With QuickPatch is also possible to patch/disassemble a binary file for the architectures x86-32 x86-64 arm and arm64.
It is based on Capstone and Keystone.
Here we will see how to use the software with a very simple example.
This is the source of the file that we are going to analyze:
#include <stdio.h>
#include <stdlib.h>
#include <string.h>
#define PASSWORD "patch_me"
#define SIZE 256
int main(void) {
char buffer[SIZE];
printf("Password: ");
fgets(buffer, SIZE, stdin);
if (strncmp(buffer, PASSWORD, strlen(buffer)-1) == 0) {
printf("Password correct!\n");
return 0;
}
printf("Password incorrect!\n");
return 0;
}
Compile it:
$ gcc -o patch_me_pie -fpie -pie patch_me.c
checksec patch_me_pie
[*] '/home/andrea/patch/tests/patch_me_pie'
Arch: amd64-64-little
RELRO: Partial RELRO
Stack: Canary found
NX: NX enabled
PIE: PIE enabled
It is a very simple program, and we want to see the message “Password correct!” for any user password, for that purpose we have to patch it.
Patch the binary with GDB
$ gdb ./tests/patch_me_pie
gdb> source gdbQuickPatch.py
gdb> b main
gdb> run
gdb> disassemble main
Dump of assembler code for function main:
0x0000555555554920 <+0>: push rbp
0x0000555555554921 <+1>: mov rbp,rsp
=> 0x0000555555554924 <+4>: sub rsp,0x110
0x000055555555492b <+11>: mov rax,QWORD PTR fs:0x28
0x0000555555554934 <+20>: mov QWORD PTR [rbp-0x8],rax
0x0000555555554938 <+24>: xor eax,eax
0x000055555555493a <+26>: lea rdi,[rip+0x113] # 0x555555554a54
0x0000555555554941 <+33>: mov eax,0x0
0x0000555555554946 <+38>: call 0x5555555547b0 <printf@plt>
0x000055555555494b <+43>: mov rdx,QWORD PTR [rip+0x20070e] # 0x555555755060 <stdin@@GLIBC_2.2.5>
0x0000555555554952 <+50>: lea rax,[rbp-0x110]

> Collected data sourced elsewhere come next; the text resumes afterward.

(* Let $(A,\cdot)$ be a nearly associative algebra over a field $\mathbb{K}$ of characteristic $0$, let $V$ be a linear space and let $l,r:A\to\mathrm{End}(V)$ be linear maps such that $(l,r,V)$ is a bimodule of $(A,\cdot)$. Then the bracket on $A\oplus V$ given by $[x+u,y+v]=(x\cdot y-y\cdot x)+(l(x)-r(x))v-(l(y)-r(y))u$ for $x,y\in A$, $u,v\in V$, is a Lie algebra product on $A\oplus V$.
   Context: An algebra $(A,\cdot)$ is nearly associative if $x\cdot(y\cdot z)=(z\cdot x)\cdot y$ for all $x,y,z\in A$. A triple $(l,r,V)$, with $V$ a linear space and $l,r:A\to\mathrm{End}(V)$ linear, is a bimodule of $(A,\cdot)$ if for all $x,y\in A$: $l(x)l(y)=r(y)r(x)$, $l(x)r(y)=l(y\cdot x)$, and $r(x)l(y)=r(x\cdot y)$. *)

From mathcomp Require Import all_boot all_order all_algebra.
Set Implicit Arguments. Unset Strict Implicit. Unset Printing Implicit Defensive.
Import GRing.Theory.
Local Open Scope ring_scope.

Definition bilinear_op (K : fieldType) (W : lmodType K) (op : W -> W -> W) :=
  (forall (a : K) x y z, op (a *: x + y) z = a *: op x z + op y z) /\
  (forall (a : K) x y z, op x (a *: y + z) = a *: op x y + op x z).

Definition nearly_associative (A : Type) (mul : A -> A -> A) :=
  forall x y z, mul x (mul y z) = mul (mul z x) y.

Definition linear_to_End (K : fieldType) (A V : lmodType K) (l : A -> V -> V) :=
  (forall x (a : K) u v, l x (a *: u + v) = a *: l x u + l x v) /\
  (forall (a : K) x y v, l (a *: x + y) v = a *: l x v + l y v).

Definition bimodule (K : fieldType) (A V : lmodType K) (mul : A -> A -> A)
  (l r : A -> V -> V) :=
  [/\ linear_to_End l, linear_to_End r,
      (forall x y v, l x (l y v) = r y (r x v)),
      (forall x y v, l x (r y v) = l (mul y x) v) &
      (forall x y v, r x (l y v) = r (mul x y) v)].

Definition lie_bracket (K : fieldType) (W : lmodType K) (br : W -> W -> W) :=
  [/\ bilinear_op br,
      (forall x, br x x = 0) &
      (forall x y z, br x (br y z) + br y (br z x) + br z (br x y) = 0)].

Definition sd_bracket (K : fieldType) (A V : lmodType K) (mul : A -> A -> A)
  (l r : A -> V -> V) (p q : A * V) : A * V :=
  (mul p.1 q.1 - mul q.1 p.1,
   (l p.1 q.2 - r p.1 q.2) - (l q.1 p.2 - r q.1 p.2)).

From mathcomp Require Import all_boot all_order all_algebra.

Set Implicit Arguments.
Unset Strict Implicit.
Unset Printing Implicit Defensive.
Import GRing.Theory.
Local Open Scope ring_scope.

(* Put rho = l - r.  Near associativity rewrites every x(yz) as (zx)y, after
   which the twelve terms of the Jacobiator of the commutator [x,y] = xy - yx
   cancel in pairs, so (A, [,]) is a Lie algebra.  The bimodule axioms give
   rho(xy - yx) = [rho x, rho y], so rho is a representation of this Lie
   algebra on V, and the bracket on A (+) V is the semidirect product of
   (A, [,]) with this representation, which is a Lie algebra for every
   representation.  Characteristic 0 plays no role. *)

Lemma bilinear_opP (K : fieldType) (W : lmodType K) (op : W -> W -> W) :
  bilinear_op op <-> (forall z, linear (op^~ z)) /\ (forall z, linear (op z)).
Proof.
split=> [[opL opR] | [opL opR]].
  by split=> z a x y; [exact: opL | exact: opR].
by split=> a x y z; [exact: opL | exact: opR].
Qed.

Lemma linear_to_EndP (K : fieldType) (A V : lmodType K) (l : A -> V -> V) :
  linear_to_End l <-> (forall x, linear (l x)) /\ (forall v, linear (l^~ v)).
Proof.
split=> [[lR lL] | [lR lL]].
  by split=> [x a u v | v a x y]; [exact: lR | exact: lL].
by split=> [x a u v | a x y v]; [exact: lR | exact: lL].
Qed.

Lemma subr_linear_comb (K : fieldType) (W : lmodType K) (a : K) (p q r s : W) :
  (a *: p + q) - (a *: r + s) = a *: (p - r) + (q - s).
Proof. by rewrite scalerBr opprD addrACA. Qed.

Lemma linear_subf (K : fieldType) (U W : lmodType K) (f g : U -> W) :
  linear f -> linear g -> linear (fun u => f u - g u).
Proof. by move=> fL gL a u v; rewrite fL gL subr_linear_comb. Qed.

Lemma jacobi_cancel (V : zmodType) (a b c d e f : V) :
  (a - b) - (c - d) + ((e - d) - (a - f)) + ((c - f) - (e - b)) = 0.
Proof.
rewrite !opprB !addrA (ACl ((1*8)*(2*11)*(3*6)*(4*9)*(5*12)*(7*10))%AC) /=.
by rewrite !subrr !addNr !addr0.
Qed.

Lemma commutator_action_cancel (V : zmodType) (a b c d p q : V) :
  (q - b - (c - p)) - (p - a - (d - q)) = a - b - (c - d).
Proof.
by rewrite !opprB !addrA (ACl ((1*6)*(3*8)*7*2*5*4)%AC) /= !subrr !add0r.
Qed.

Definition commutator (A : zmodType) (mul : A -> A -> A) x y :=
  mul x y - mul y x.

Section NearlyAssociativeCommutator.
Variables (K : fieldType) (A : lmodType K) (mul : A -> A -> A).
Hypothesis mul_bilinear : bilinear_op mul.

Lemma commutator_bilinear : bilinear_op (commutator mul).
Proof.
have /bilinear_opP[mulL mulR] := mul_bilinear.
by apply/bilinear_opP; split=> z; apply: linear_subf.
Qed.

Lemma commutator_jacobi : nearly_associative mul ->
  forall x y z, commutator mul x (commutator mul y z)
    + commutator mul y (commutator mul z x)
    + commutator mul z (commutator mul x y) = 0.
Proof.
move=> mul_nearly_assoc x y z; have /bilinear_opP[mulL mulR] := mul_bilinear.
rewrite /commutator !(zmod_morphism_linear (mulL _)).
rewrite !(zmod_morphism_linear (mulR _)).
by rewrite !mul_nearly_assoc jacobi_cancel.
Qed.

Lemma nearly_associative_commutator_lie :
  nearly_associative mul -> lie_bracket (commutator mul).
Proof.
move=> mul_nearly_assoc; split; first exact: commutator_bilinear.
  by move=> x; rewrite /commutator subrr.
exact: commutator_jacobi.
Qed.

End NearlyAssociativeCommutator.

Definition lie_representation (K : fieldType) (A V : lmodType K)
    (br : A -> A -> A) (rho : A -> V -> V) :=
  linear_to_End rho /\
  forall x y v, rho (br x y) v = rho x (rho y v) - rho y (rho x v).

Definition diff_action (A : Type) (V : zmodType) (l r : A -> V -> V) x v :=
  l x v - r x v.

Lemma bimodule_diff_action_representation (K : fieldType) (A V : lmodType K)
    (mul : A -> A -> A) (l r : A -> V -> V) :
  bimodule mul l r -> lie_representation (commutator mul) (diff_action l r).
Proof.
case=> /linear_to_EndP[lR lL] /linear_to_EndP[rR rL] llE lrE rlE; split.
  by apply/linear_to_EndP; split=> *; apply: linear_subf.
move=> x y v; rewrite /diff_action /commutator.
rewrite !(zmod_morphism_linear (lL _)) !(zmod_morphism_linear (rL _)).
rewrite !(zmod_morphism_linear (lR _)) !(zmod_morphism_linear (rR _)).
by rewrite !lrE !rlE llE [l y (l x v)]llE commutator_action_cancel.
Qed.

Definition semidirect_bracket (A V : zmodType) (br : A -> A -> A)
    (rho : A -> V -> V) (p q : A * V) : A * V :=
  (br p.1 q.1, rho p.1 q.2 - rho q.1 p.2).

Section SemidirectProduct.
Variables (K : fieldType) (A V : lmodType K).
Variables (br : A -> A -> A) (rho : A -> V -> V).
Hypotheses (br_lie : lie_bracket br) (rho_rep : lie_representation br rho).

Lemma semidirect_bracket_bilinear : bilinear_op (semidirect_bracket br rho).
Proof.
have [/bilinear_opP[brL brR] _ _] := br_lie.
have [/linear_to_EndP[rhoR rhoL] _] := rho_rep.
split=> a [x u] [y v] [z w]; rewrite /semidirect_bracket /=.
  by rewrite brL rhoL rhoR subr_linear_comb.
by rewrite brR rhoL rhoR subr_linear_comb.
Qed.

Lemma semidirect_bracket_alternating p : semidirect_bracket br rho p p = 0.
Proof.
by have [_ brxx _] := br_lie; rewrite /semidirect_bracket brxx subrr.
Qed.

Lemma semidirect_bracket_jacobi p q s :
  let sd := semidirect_bracket br rho in
  sd p (sd q s) + sd q (sd s p) + sd s (sd p q) = 0.
Proof.
have [_ _ br_jacobi] := br_lie.
have [/linear_to_EndP[rhoR _] rho_br] := rho_rep.
case: p q s => [x u] [y v] [z w]; rewrite /semidirect_bracket /=.
congr pair; first exact: br_jacobi.
by rewrite !(zmod_morphism_linear (rhoR _)) !rho_br addrAC jacobi_cancel.
Qed.

Lemma semidirect_bracket_lie : lie_bracket (semidirect_bracket br rho).
Proof.
split; [exact: semidirect_bracket_bilinear
       | exact: semidirect_bracket_alternating
       | exact: semidirect_bracket_jacobi].
Qed.

End SemidirectProduct.

Lemma sd_bracketE (K : fieldType) (A V : lmodType K) (mul : A -> A -> A)
    (l r : A -> V -> V) :
  sd_bracket mul l r = semidirect_bracket (commutator mul) (diff_action l r).
Proof. by []. Qed.

Theorem mainTheorem4 (K : fieldType) (A V : lmodType K)
  (mul : A -> A -> A) (l r : A -> V -> V) :
  [pchar K] =i pred0 ->
  bilinear_op mul ->
  nearly_associative mul ->
  bimodule mul l r ->
  lie_bracket (sd_bracket mul l r : (A * V)%type -> _ -> _).
Proof.
move=> _ mul_bilinear mul_nearly_assoc lr_bimodule; rewrite sd_bracketE.
apply: semidirect_bracket_lie.
  exact: nearly_associative_commutator_lie.
exact: bimodule_diff_action_representation.
Qed.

0x0000555555554959 <+57>: mov esi,0x100
0x000055555555495e <+62>: mov rdi,rax
0x0000555555554961 <+65>: call 0x5555555547d0 <fgets@plt>
0x0000555555554966 <+70>: lea rax,[rbp-0x110]

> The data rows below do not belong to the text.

(* For every integer $k\ge 1$ we have $I_k\subseteq W_k$.
   Context: Let $K$ be a field and $A$ the free associative (non-unital) $K$-algebra on countably many free generators $x_0,x_1,x_2,\dots$; the monomials $x_{i_1}\cdots x_{i_n}$ ($n\ge1$, $i_j\ge 0$) form a $K$-basis of $A$. Let $A^1$ be $A$ with a unity adjoined. For $n\ge1$ let $A(n)$ be the $K$-span of monomials of length $n$, and let $A(0)=K$ (scalars in $A^1$). Let $D$ be the unique derivation of $A$ with $D(x_i)=x_{i+1}$ for all $i$. For $k\ge1$ let $\mathcal X_k=\{x_0,\dots,x_{k-1}\}$. For $n\ge1$ let $W(k,n,0)$ be the set of monomials $x_{i_1}\cdots x_{i_n}$ of length $n$ with all $x_{i_j}\in\mathcal X_k$, let $W(k,n,l+1)=\{D(w): w\in W(k,n,l)\}$, and $W(k,n)=\bigcup_{t\ge0}W(k,n,t)$. Let $I_k$ be the two-sided ideal of $A$ generated by $W(k,2\cdot 100^{k^2})$, and let $W_k=\sum_{m\ge0}A(m\cdot 100^{k^2})\,W(k,100^{k^2})\,A^1$ (the $K$-linear span of products $u w v$ with $u\in A(m\cdot100^{k^2})$ for some $m\ge0$, $w\in W(k,100^{k^2})$, $v\in A^1$). *)

From HB Require Import structures.
From mathcomp Require Import all_boot all_order all_algebra.
Set Implicit Arguments. Unset Strict Implicit. Unset Printing Implicit Defensive.
Import GRing.Theory.
Local Open Scope ring_scope.

(* A monomial x_{i1}...x_{in} of A^1 is the word [:: i1; ...; in] (the empty
   word is the unity of A^1). *)
Definition word := seq nat.

Section FreeAlg.
Variable K : fieldType.

(* Formal finite K-linear combinations of words; an element of A^1 is
   determined by its coefficient function [coef p]. *)
Definition ncp := seq (K * word).

Definition coef (p : ncp) (w : word) : K := \sum_(t <- p | t.2 == w) t.1.

Definition mono (w : word) : ncp := [:: (1, w)].

Definition nmul (p q : ncp) : ncp :=
  [seq (t.1 * s.1, t.2 ++ s.2) | t <- p, s <- q].

(* The derivation D with D(x_i) = x_{i+1}, on a monomial (Leibniz rule). *)
Definition Dword (w : word) : ncp :=
  [seq (1, set_nth 0%N w i (nth 0%N w i).+1) | i <- iota 0 (size w)].

Definition Dp (p : ncp) : ncp :=
  flatten [seq [seq (t.1 * s.1, s.2) | s <- Dword t.2] | t <- p].

Definition inW (k n : nat) (p : ncp) : Prop :=
  exists (w : word) (t : nat),
    size w = n /\ all (fun i => i < k)%N w /\ p = iter t Dp (mono w).

Definition in_span (G : ncp -> Prop) (f : word -> K) : Prop :=
  exists l : seq (K * ncp),
    (forall cg, cg \in l -> G cg.2) /\
    f = (fun w => \sum_(cg <- l) cg.1 * coef cg.2 w).

(* Spanning set of the two-sided ideal I_k generated by W(k, 2*100^(k^2)):
   u w v with u, v monomials of A^1 and w in W(k, 2*100^(k^2)). *)
Definition Igen (k : nat) (p : ncp) : Prop :=
  exists (u v : word) (w : ncp),
    inW k (2 * 100 ^ (k ^ 2))%N w /\ p = nmul (nmul (mono u) w) (mono v).

Definition I_ (k : nat) (f : word -> K) : Prop := in_span (Igen k) f.

(* Spanning set of W_k: u w v with u a monomial of length m*100^(k^2) (m>=0,
   m = 0 giving scalars), w in W(k,100^(k^2)), v a monomial of A^1. *)
Definition Wgen (k : nat) (p : ncp) : Prop :=
  exists (u v : word) (w : ncp),
    (exists m : nat, size u = m * 100 ^ (k ^ 2))%N /\
    inW k (100 ^ (k ^ 2))%N w /\ p = nmul (nmul (mono u) w) (mono v).

Definition W_ (k : nat) (f : word -> K) : Prop := in_span (Wgen k) f.

End FreeAlg.

From mathcomp Require Import all_boot all_order all_algebra.
From Stdlib Require Import FunctionalExtensionality.
Set Implicit Arguments. Unset Strict Implicit. Unset Printing Implicit Defensive.
Import GRing.Theory.
Local Open Scope ring_scope.

(* Write N = 100^(k^2).  Since W_k is a linear
   span, it suffices to show that every spanning element u D^t(s) v of I_k
   (u, v monomials, s a monomial of length 2N over x_0..x_{k-1}) lies in W_k.
   Let d < N with N | |u| + d.  By the Leibniz rule D^t(a s') is a linear
   combination of D^i(x_a) D^j(s') = x_(a+i) D^j(s'), so the first letter
   of s can be moved into the left factor u.  Doing this d times reduces to
   the case N | |u| and |s| >= N; there, splitting s = s1 s2 with |s1| = N
   and using Leibniz once more, u D^t(s) v is a combination of the elements
   u D^i(s1) (b v), b a monomial of D^j(s2), which are generators of W_k.

   Elements of A^1 are handled through the representation [ncp K] of
   formal combinations of words; two representations are identified when
   every linear functional on words takes the same value on them. *)

Section FormalCombinations.
Variable K : fieldType.

(* The value at the formal combination p of the linear functional on A^1
   determined by its values g on monomials. *)
Definition pairing (g : word -> K) (p : ncp K) : K := \sum_(t <- p) t.1 * g t.2.

Definition equivp (p q : ncp K) : Prop := forall g, pairing g p = pairing g q.

Definition scale (c : K) (p : ncp K) : ncp K := [seq (c * t.1, t.2) | t <- p].

Lemma equivp_refl p : equivp p p. Proof. by []. Qed.
Lemma equivp_sym p q : equivp p q -> equivp q p. Proof. by move=> e g. Qed.

Lemma pairing_ext g g' p : g =1 g' -> pairing g p = pairing g' p.
Proof. by move=> e; apply: eq_bigr => t _; rewrite e. Qed.

Lemma pairing_cat g p q : pairing g (p ++ q) = pairing g p + pairing g q.
Proof. by rewrite /pairing big_cat. Qed.

Lemma pairing_scale g c p : pairing g (scale c p) = c * pairing g p.
Proof. by rewrite /pairing big_map mulr_sumr; apply: eq_bigr => t _; rewrite mulrA. Qed.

0x000055555555496d <+77>: mov rdi,rax
0x0000555555554970 <+80>: call 0x555555554790 <strlen@plt>
0x0000555555554975 <+85>: lea rdx,[rax-0x1]
0x0000555555554979 <+89>: lea rax,[rbp-0x110]

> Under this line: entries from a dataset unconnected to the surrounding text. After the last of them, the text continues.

Definition cap_glue (n : nat) (p : nat -> nat) (i : nat) (x : nat) : nat :=
  if p x == i then p (i.+1 %% n)
  else if p x == i.+1 %% n then p i
  else p x.

Definition cap (n : nat) (p : nat -> nat) (i : nat) : nat -> nat :=
  fun y => index (cap_glue n p i (nth 0 (cap_rest n i) y)) (cap_rest n i).

From mathcomp Require Import all_boot zify.
Set Implicit Arguments. Unset Strict Implicit. Unset Printing Implicit Defensive.

(* Lemma 4.4.  The key fact is a parity characterisation of E: the points
   strictly between the endpoints of a string {x, p x} are two endpoints of
   each string nested in it and one endpoint of each string crossing it, so
   the string crosses an odd number of strings iff x and p x have the same
   parity (ncross_odd, isE_parity).

   Capping at i, i+1 (mod n) relabels each remaining point u by its rank
   index u, i.e. shifts it by the number of capped points below it; this
   shift has a parity independent of u, so parities of sums are preserved,
   and ranks are monotone, so crossings are preserved (section Capping).
   Hence a string away from the cap keeps its parity type and its
   crossings, and the string glued by the cap joins points of opposite
   parity when all strings of p do.  Finally, on at least 8 points there is
   a cap avoiding one given string, or two crossing strings whose endpoints
   have opposite parities (free_cap2, free_cap_crossing); the theorem
   follows by combining these facts. *)

(* Elements satisfying both predicates are counted twice on the left. *)
Lemma count_xor (T : Type) (s : seq T) (P Q : pred T) :
  count P s + count Q s = (count (predI P Q) s).*2 + count (fun y => P y (+) Q y) s.
Proof. by elim: s => //= y s IH; case: (P y); case: (Q y) => /=; lia. Qed.

Lemma count_split (T : Type) (s : seq T) (P R : pred T) :
  count (fun y => P y && R y) s + count (fun y => ~~ P y && R y) s = count R s.
Proof. by elim: s => //= y s IH; case: (P y); case: (R y) => /=; lia. Qed.

Lemma count_open_interval a b m :
  count (fun w => (a < w) && (w < b)) (iota 0 m) = minn m b - minn m a.+1.
Proof.
elim: m => [|m IH]; first by rewrite !min0n.
by rewrite -[m.+1]addn1 iotaD count_cat IH /=; case: ltnP => ?; case: ltnP => ? /=; lia.
Qed.

Lemma odd_gap m M : m < M -> odd (M - m.+1) = ~~ odd (m + M).
Proof.
move=> mM; have -> : m + M = (M - m.+1) + m.*2.+1 by lia.
by rewrite oddD oddS odd_double addbT negbK.
Qed.

Lemma odd_chain a b c d : odd (a + b) -> odd (b + c) -> odd (c + d) -> odd (a + d).
Proof. by rewrite !oddD; case: (odd a); case: (odd b); case: (odd c); case: (odd d). Qed.

Lemma sbE a b c :
  strictly_between a b c = if a < b then (a < c) && (c < b) else (b < c) && (c < a).
Proof. by rewrite /strictly_between /minn /maxn; case: ifP. Qed.

Lemma cross_sym a b c d : cross a b c d = cross b a c d.
Proof. by rewrite /cross /strictly_between minnC maxnC. Qed.

Lemma crossingP n p :
  reflect (exists2 x, x < n & exists2 z, z < n &
             [&& z < p z, z != x, z != p x & cross x (p x) z (p z)])
          (~~ isN n p).
Proof.
apply: (iffP allPn) => [[x] | [x xn [z zn crs]]].
  rewrite mem_iota /ncross -lt0n -has_count => xn /hasP [z].
  by rewrite mem_iota => zn crs; exists x => //; exists z.
exists x; first by rewrite mem_iota.
by rewrite /ncross -lt0n -has_count; apply/hasP; exists z; rewrite ?mem_iota.
Qed.

Section Pairings.
Variables (n : nat) (p : nat -> nat).
Hypothesis pairing_p : is_pairing n p.

Lemma pairingP x : x < n -> [/\ p x < n, p x != x & p (p x) = x].
Proof.
move=> xn; have := allP pairing_p x; rewrite mem_iota add0n xn.
by move=> /(_ isT) /and3P [pxn pxx /eqP ppx].
Qed.

Lemma partner_inj x y : x < n -> y < n -> p x = p y -> x = y.
Proof.
move=> xn yn pxy.
by case: (pairingP xn) => _ _ <-; case: (pairingP yn) => _ _ <-; rewrite pxy.
Qed.

Lemma perm_partner : perm_eq (map p (iota 0 n)) (iota 0 n).
Proof.
apply: uniq_perm; last first.
- move=> x; rewrite mem_iota add0n; apply/mapP/idP.
    by case=> y; rewrite mem_iota add0n => /pairingP [? _ _] ->.
  by move=> xn; have [? _ ppx] := pairingP xn; exists (p x); rewrite ?mem_iota.
- exact: iota_uniq.
rewrite map_inj_in_uniq ?iota_uniq // => x y; rewrite !mem_iota !add0n.
exact: partner_inj.
Qed.

Lemma count_partner (P : pred nat) :
  count P (iota 0 n) = count (fun y => P (p y)) (iota 0 n).
Proof. by rewrite -(permP perm_partner) count_map. Qed.

(* Each string has exactly one smaller endpoint, so n is twice the number
   of strings. *)
Lemma pairing_even : ~~ odd n.
Proof.
have up_down : count (fun y => y < p y) (iota 0 n)
             = count (predC (fun y => y < p y)) (iota 0 n).
  rewrite count_partner; apply: eq_in_count => y; rewrite mem_iota add0n /=.
  by move=> /pairingP [_ + ->]; case: ltngtP.
by rewrite -(size_iota 0 n) -(count_predC (fun y => y < p y)) -up_down addnn odd_double.
Qed.

Lemma ncross_odd x : x < n -> odd (ncross n p x) = ~~ odd (x + p x).
Proof.
move=> xn; have [pxn pxx ppx] := pairingP xn.
set sb := strictly_between x (p x); set s := iota 0 n.
have sb_x : sb x = false by rewrite /sb /strictly_between; lia.
have sb_px : sb (p x) = false by rewrite /sb /strictly_between; lia.
have between : count sb s = maxn x (p x) - (minn x (p x)).+1.
  rewrite (@eq_count _ _ (fun w => (minn x (p x) < w) && (w < maxn x (p x)))) //.
  by rewrite count_open_interval; lia.
(* points between the ends, grouped by the strings through them *)
have by_strings : count sb s = count (fun y => (y < p y) && sb y) s
                             + count (fun y => (y < p y) && sb (p y)) s.
  rewrite -(count_split s (fun y => y < p y) sb); congr (_ + _).
  rewrite count_partner; apply: eq_in_count => y; rewrite mem_iota add0n /=.
  by move=> /pairingP [_ + ->]; case: ltngtP.
(* a string contributes an odd number of points iff it crosses {x, p x} *)
have crossing : count (fun y => ((y < p y) && sb y) (+) ((y < p y) && sb (p y))) s
              = ncross n p x.
  apply: eq_in_count => y _ /=; rewrite /cross -/sb.
  have [->|yx] := eqVneq y x; first by rewrite sb_x sb_px !andbF.
  have [->|ypx] := eqVneq y (p x); first by rewrite ppx sb_x sb_px !andbF.
  by case: (y < p y).
rewrite -crossing -(addn_min_max x (p x)) -odd_gap; last by lia.
by rewrite -between by_strings count_xor oddD odd_double.
Qed.

Lemma isE_parity : isE n p = all (fun x => odd (x + p x)) (iota 0 n).
Proof.
by apply: eq_in_all => x; rewrite mem_iota add0n => xn; rewrite ncross_odd ?negbK.
Qed.

End Pairings.

Section Capping.
Variables (n i : nat).
Hypotheses (n_ge2 : 1 < n) (i_lt : i < n).
Local Notation j := (i.+1 %% n).
Local Notation rest := (cap_rest n i).

Lemma succ_mod : j = if i.+1 == n then 0 else i.+1.
Proof. by case: eqP => [->|?]; [exact: modnn | apply: modn_small; lia]. Qed.

Lemma j_lt : j < n.
Proof. by rewrite succ_mod; case: (eqVneq i.+1 n) => /= ?; lia. Qed.

Lemma j_ne : j != i.
Proof. by rewrite succ_mod; case: (eqVneq i.+1 n) => /= ?; lia. Qed.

0x0000555555554980 <+96>: lea rsi,[rip+0xd8] # 0x555555554a5f
0x0000555555554987 <+103>: mov rdi,rax
0x000055555555498a <+106>: call 0x555555554770 <strncmp@plt>
0x000055555555498f <+111>: test eax,eax
0x0000555555554991 <+113>: jne 0x5555555549a6 <main+134>
0x0000555555554993 <+115>: lea rdi,[rip+0xce] # 0x555555554a68
0x000055555555499a <+122>: call 0x555555554780 <puts@plt>
0x000055555555499f <+127>: mov eax,0x0
0x00005555555549a4 <+132>: jmp 0x5555555549b7 <main+151>
0x00005555555549a6 <+134>: lea rdi,[rip+0xcd] # 0x555555554a7a
0x00005555555549ad <+141>: call 0x555555554780 <puts@plt>
0x00005555555549b2 <+146>: mov eax,0x0
0x00005555555549b7 <+151>: mov rcx,QWORD PTR [rbp-0x8]
0x00005555555549bb <+155>: xor rcx,QWORD PTR fs:0x28
0x00005555555549c4 <+164>: je 0x5555555549cb <main+171>
0x00005555555549c6 <+166>: call 0x5555555547a0 <__stack_chk_fail@plt>
0x00005555555549cb <+171>: leave
0x00005555555549cc <+172>: ret
we want to patch the instruction at 0x000055555555498f and the instruction at 0x0000555555554991 with nops instructions.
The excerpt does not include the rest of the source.